ASSIGNMENT
Tally the lines of the data that include the word "Require" and state the total, nothing else.

(Stored entries)
(* Let $n\ge 1$ and let $Q=Q_1\otimes\cdots\otimes Q_n\in\mathcal{P}_n$ satisfy $Q^2=I$, $Q\neq\pm I$, and $Q$ anticommutes with $Z\otimes I\otimes\cdots\otimes I$. Then there exists a unique $X$-circuit $M$ on $n$ qubits such that $M\bullet Q=I\otimes\cdots\otimes I\otimes X$.
   Context: Matrices: $X=\begin{bmatrix}0&1\\1&0\end{bmatrix}$, $Z=\begin{bmatrix}1&0\\0&-1\end{bmatrix}$, $H=\frac{1}{\sqrt2}\begin{bmatrix}1&1\\1&-1\end{bmatrix}$, $CZ=\mathrm{diag}(1,1,1,-1)$. Operators on $n$ qubits act on $(\mathbb{R}^2)^{\otimes n}$, qubit $1$ being the first tensor factor; a one-qubit gate on qubit $i$, or a two-qubit gate on qubits $i,i+1$ (with qubit $i$ the first tensor factor of the gate, called its upper qubit), denotes that matrix tensored with identities on the other qubits. For matrices $C,P$, $C\bullet P=CPC^{-1}$. Real Pauli group: $\mathcal{P}_n=\{\pm(P_1\otimes\cdots\otimes P_n)\mid P_i\in\{I,X,Z,XZ\}\}$. A circuit is a finite sequence of gates $g_1,\dots,g_k$ ($g_1$ applied first); its operator is $g_k\cdots g_1$, and $M\bullet Q$ means (operator of $M$)$\bullet Q$. Derived generators (formal symbols with defining gate sequences; in a two-qubit symbol subscript $1$ is the upper, $2$ the lower qubit; '';'' separates steps): $E_1$ = empty, $E_2$ = $Z$; $D_1$ = $CZ;\,H_1,H_2;\,CZ;\,H_1,H_2;\,CZ;\,H_2$; $D_2$ = $H_1;\,CZ;\,H_1,H_2;\,CZ;\,H_2$; $D_3$ = $H_1,H_2;\,CZ;\,H_1,H_2;\,CZ;\,H_2$; $D_4$ = $H_1;\,CZ;\,H_1,H_2;\,CZ;\,H_2;\,CZ$. An $X$-circuit on $n$ qubits is a sequence of symbols of the form $D_{d_1}$ on qubits $1,2$, then $D_{d_2}$ on qubits $2,3$, ..., then $D_{d_{n-1}}$ on qubits $n-1,n$, then $E_e$ on qubit $n$ (for $n=1$ it is just $E_e$ on qubit 1), with $d_i\in\{1,2,3,4\}$, $e\in\{1,2\}$; two $X$-circuits are equal when their symbol sequences coincide. *)

From HB Require Import structures.
From mathcomp Require Import all_boot all_order all_algebra.
From mathcomp Require Import reals.
From mathcomp Require Export mxtens.

Set Implicit Arguments.
Unset Strict Implicit.
Unset Printing Implicit Defensive.

Import Order.TTheory GRing.Theory Num.Theory.
Local Open Scope ring_scope.

Section Qubits.
Variable R : realType.

Definition Xm : 'M[R]_2 := \matrix_(i < 2, j < 2) (if i != j then 1 else 0).
Definition Zm : 'M[R]_2 :=
  \matrix_(i < 2, j < 2) (if i == j then (if i == 0 :> nat then 1 else -1) else 0).
Definition Hm : 'M[R]_2 :=
  \matrix_(i < 2, j < 2)
    ((Num.sqrt 2)^-1 * (if (i == 1 :> nat) && (j == 1 :> nat) then -1 else 1)).
Definition CZm : 'M[R]_4 :=
  \matrix_(i < 4, j < 4)
    (if i == j then (if i == 3 :> nat then -1 else 1) else 0).

(* Dimension 2^n of the n-qubit space (defined so that qdim n.+1 = 2 * qdim n
   holds by computation). *)
Fixpoint qdim (n : nat) : nat := if n is n'.+1 then (2 * qdim n')%N else 1%N.

Lemma qdimE (n : nat) : qdim n = (2 ^ n)%N.
Proof. by elim: n => //= n ->; rewrite expnS. Qed.

Lemma dim4 (k : nat) : (4 * qdim k = qdim k.+2)%N.
Proof. by rewrite /= mulnA. Qed.

(* Operator on n qubits ((R^2)^{\otimes n}, qubit 1 = first tensor factor)
   of a one-qubit gate G on qubit i (1-based): I ⊗ .. ⊗ G ⊗ .. ⊗ I.
   (Out-of-range positions give the identity; they are never used.) *)
Fixpoint op1 (n : nat) : nat -> 'M[R]_2 -> 'M[R]_(qdim n) :=
  match n with
  | 0 => fun _ _ => 1%:M
  | n'.+1 => fun i G =>
      match i with
      | 0 => 1%:M
      | 1 => (G *t (1%:M : 'M[R]_(qdim n')) : 'M[R]_(qdim n'.+1))
      | i'.+1 => ((1%:M : 'M[R]_2) *t op1 n' i' G : 'M[R]_(qdim n'.+1))
      end
  end.

(* Two-qubit gate G on qubits i, i+1 (qubit i = upper = first factor of G). *)
Definition top2 (n' : nat) (G : 'M[R]_4) : 'M[R]_(qdim n'.+1) :=
  match n' with
  | 0 => 1%:M
  | k.+1 => castmx (dim4 k, dim4 k) (G *t (1%:M : 'M[R]_(qdim k)))
  end.

Fixpoint op2 (n : nat) : nat -> 'M[R]_4 -> 'M[R]_(qdim n) :=
  match n with
  | 0 => fun _ _ => 1%:M
  | n'.+1 => fun i G =>
      match i with
      | 0 => 1%:M
      | 1 => top2 n' G
      | i'.+1 => ((1%:M : 'M[R]_2) *t op2 n' i' G : 'M[R]_(qdim n'.+1))
      end
  end.

Inductive gate :=
  | Gate1 of 'M[R]_2 & nat
  | Gate2 of 'M[R]_4 & nat.  (* two-qubit gate on qubits i, i+1 *)

Definition gate_op (n : nat) (g : gate) : 'M[R]_(qdim n) :=
  match g with
  | Gate1 G i => op1 n i G
  | Gate2 G i => op2 n i G
  end.

(* Operator of the circuit g_1, ..., g_k (g_1 applied first): g_k ... g_1. *)
Definition circuit_op (n : nat) (c : seq gate) : 'M[R]_(qdim n) :=
  foldl (fun acc g => gate_op n g *m acc) 1%:M c.

Definition conjb (m : nat) (C P : 'M[R]_m) : 'M[R]_m := C *m P *m invmx C.

(* n-fold tensor product f 0 ⊗ f 1 ⊗ ... ⊗ f (n-1) (f i acts on qubit i+1). *)
Fixpoint tensn (n : nat) : (nat -> 'M[R]_2) -> 'M[R]_(qdim n) :=
  match n with
  | 0 => fun _ => 1%:M
  | n'.+1 => fun f => (f 0%N *t tensn n' (fun i => f i.+1) : 'M[R]_(qdim n'.+1))
  end.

OUTPUT
4